■ **Activity**
In how many lines of the records does the word "subsetP" appear? Reply with the number and nothing else.

Stored data entries:
(* Let $n=2^m\geq 8$. If $B\subseteq X^n$ is a set in which any two words are at Hamming distance at most $4$, then $|B|\leq n^2$. Moreover, there exists a set $B\subseteq X^n$ of diameter $4$ with $|B|=n^2$.
   Context: $X^n$ is the set of words of length $n$ over the alphabet $\{*,0,1\}$ containing exactly one symbol $*$. The Hamming distance between two words is the number of coordinates in which they differ; the diameter of a set is the maximum distance between two of its elements. *)

From mathcomp Require Import all_boot.
Set Implicit Arguments. Unset Strict Implicit. Unset Printing Implicit Defensive.

(* Alphabet {*,0,1}: encoded as option bool, with None = *, Some false = 0, Some true = 1. *)
Definition letter := option bool.

Definition word (n : nat) := {ffun 'I_n -> letter}.

Definition Xn (n : nat) : {set word n} :=
  [set w : word n | #|[set i | w i == None]| == 1].

Definition hdist (n : nat) (u v : word n) : nat := #|[set i | u i != v i]|.

Definition diam (n : nat) (B : {set word n}) : nat :=
  \max_(u in B) \max_(v in B) hdist u v.

From mathcomp Require Import all_boot ssralg finalg finfield ring zify.
Set Implicit Arguments. Unset Strict Implicit. Unset Printing Implicit Defensive.
Import GRing.Theory.

(* The n^2 words with the star anywhere and at most one 1 pairwise differ in at
   most four places.

   Conversely, changing a 1 of a word of B into a 0 whenever the result is not
   already in B keeps |B|, the inclusion in X^n and the diameter bound, and
   lowers the total number of 1's; so B may be assumed closed under changing
   1's into 0's.  Then, lowering v to the zeros of u, the 1's of u and v and
   (when they differ) the two stars occupy at most four positions.  For n >= 16
   a case analysis on the largest number of 1's in a word of B (at least 3;
   exactly 2, with one or two star positions among such words; at most 1) and a
   count of the possible sets of 1's at each star position give |B| <= n^2.

   For n = 8, index the positions by the elements a_k of GF(8), let A(w) be the
   set of 1's of w, enlarged by the star when this makes its size even, and
   colour w by (sum_{A(w)} a_k, sum_{A(w)} a_k^3 + a_(star w)^3).  Two words at
   distance at most 4 with the same colour would give a set of at most five
   positions with vanishing first power sum and with third power sum equal to
   the sum of the cubes at the two stars.  In characteristic 2,
   a + b + c + d = 0 forces a^3 + b^3 + c^3 + d^3 = (a + b)(b + c)(c + a), and
   cubing is injective on GF(8); this rules it out.  So B injects into GF(8)^2. *)

Section Words.
Variable n : nat.
Implicit Types (u v w : word n) (X Y Z : {set 'I_n}).

Definition ones w : {set 'I_n} := [set k | w k == Some true].
Definition stars w : {set 'I_n} := [set k | w k == None].

Definition word_of (i : 'I_n) X : word n :=
  [ffun k => if k == i then None else Some (k \in X)].

Definition lower w Y : word n :=
  [ffun k => if (w k == Some true) && (k \notin Y) then Some false else w k].

Lemma in_Xn w : (w \in Xn n) = (#|stars w| == 1).
Proof. by rewrite inE. Qed.

Lemma stars_word_of i X : stars (word_of i X) = [set i].
Proof. by apply/setP=> k; rewrite !inE ffunE; case: (k == i). Qed.

Lemma word_of_Xn i X : word_of i X \in Xn n.
Proof. by rewrite in_Xn stars_word_of cards1. Qed.

Lemma ones_word_of i X : i \notin X -> ones (word_of i X) = X.
Proof.
move=> iX; apply/setP=> k; rewrite !inE ffunE.
by case: (k =P i) => [->|_]; [rewrite (negbTE iX) | case: (k \in X)].
Qed.

Lemma ones_lower w Y : ones (lower w Y) = ones w :&: Y.
Proof. by apply/setP=> k; rewrite !inE ffunE; case: (w k) => [[]|] /=; case: (k \in Y). Qed.

Lemma stars_lower w Y : stars (lower w Y) = stars w.
Proof. by apply/setP=> k; rewrite !inE ffunE; case: (w k) => [[]|] /=; case: (k \in Y). Qed.

Lemma lower_Xn w Y : w \in Xn n -> lower w Y \in Xn n.
Proof. by rewrite !in_Xn stars_lower. Qed.

Lemma ones_lower1 w k : ones (lower w [set~ k]) = ones w :\ k.
Proof. by rewrite ones_lower setDE. Qed.

Lemma lower_lower w Y Z : lower (lower w Y) Z = lower w (Y :&: Z).
Proof.
apply/ffunP=> k; rewrite !ffunE inE.
by case: (w k) => [[]|] //=; case: (k \in Y); case: (k \in Z).
Qed.

Lemma lower_id w Y : ones w \subset Y -> lower w Y = w.
Proof.
move/subsetP=> sub; apply/ffunP=> k; rewrite ffunE.
by case: (w k =P Some true) => //= /eqP wk; rewrite sub ?inE.
Qed.

Lemma lower1_inj k u v : u k = Some true -> v k = Some true ->
  lower u [set~ k] = lower v [set~ k] -> u = v.
Proof.
move=> uk vk /ffunP E; apply/ffunP=> x; have := E x; rewrite !ffunE !inE negbK.
by case: (x =P k) => [->|]; rewrite ?uk ?vk ?andbF.
Qed.

Lemma hdistC u v : hdist u v = hdist v u.
Proof. by apply: eq_card=> k; rewrite !inE eq_sym. Qed.

Lemma hdist_lower1_le k u v : v k != Some true ->
  hdist (lower u [set~ k]) v <= hdist u v.
Proof.
move=> vk; apply: subset_leq_card; apply/subsetP=> x; rewrite !inE ffunE !inE negbK.
case: (x =P k) => [->|_] /=; rewrite ?andbF //.
by rewrite andbT; case: (u k =P Some true) => [-> _|] //; rewrite eq_sym.
Qed.

Lemma hdist_lower1_swap k u v : u k = Some true -> v k = Some true ->
  hdist (lower u [set~ k]) v = hdist u (lower v [set~ k]).
Proof.
move=> uk vk; apply: eq_card=> x; rewrite !inE !ffunE !inE negbK.
by case: (x =P k) => [->|]; rewrite ?uk ?vk ?andbF.
Qed.

Lemma hdist_lower1 k u v : u k = Some true -> v k = Some true ->
  hdist (lower u [set~ k]) (lower v [set~ k]) = hdist u v.
Proof.
move=> uk vk; apply: eq_card=> x; rewrite !inE !ffunE !inE negbK.
by case: (x =P k) => [->|]; rewrite ?uk ?vk ?andbF.
Qed.

End Words.

Section Diameter.
Variable n : nat.
Implicit Types (B : {set word n}).

Definition anticode (d : nat) B :=
  forall u v, u \in B -> v \in B -> hdist u v <= d.

Lemma diam_le d B : anticode d B -> diam B <= d.
Proof. by move=> Bd; apply/bigmax_leqP=> u uB; apply/bigmax_leqP=> v vB; apply: Bd. Qed.

Lemma hdist_le_diam B u v : u \in B -> v \in B -> hdist u v <= diam B.
Proof.
move=> uB vB; apply: leq_trans (leq_bigmax_cond _ uB).
by rewrite (bigD1 v vB) leq_maxl.
Qed.

End Diameter.

Section SquareCode.
Variable n : nat.

Definition square_word (p : 'I_n * 'I_n) : word n :=
  word_of p.1 (if p.2 == p.1 then set0 else [set p.2]).

Definition square_code : {set word n} := square_word @: setT.

Lemma square_word_inj : injective square_word.
Proof.
move=> [i k] [j l] /= E.
have eij : i = j.
  have := congr1 (fun w : word n => w i) E; rewrite !ffunE eqxx /=.
  by case: eqP.
subst j.
have notin_ones (a : 'I_n) : i \notin (if a == i then set0 else [set a]).
  by case: (a =P i) => [_|/eqP]; rewrite ?inE // eq_sym.
have := congr1 (@ones n) E; rewrite !ones_word_of ?notin_ones //.
case: (k =P i) => [->|/eqP ki]; case: (l =P i) => [->|/eqP li] //.
- by move/setP/(_ l); rewrite !inE eqxx.
- by move/setP/(_ k); rewrite !inE eqxx.
by move/setP/(_ k); rewrite !inE eqxx => /esym/eqP ->.
Qed.

Lemma card_square_code : #|square_code| = n ^ 2.
Proof. by rewrite card_imset ?cardsT ?card_prod ?card_ord ?mulnn //; exact: square_word_inj. Qed.

Lemma square_code_sub : square_code \subset Xn n.
Proof. by apply/subsetP=> w /imsetP[p _ ->]; apply: word_of_Xn. Qed.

■ **Output for this task**
3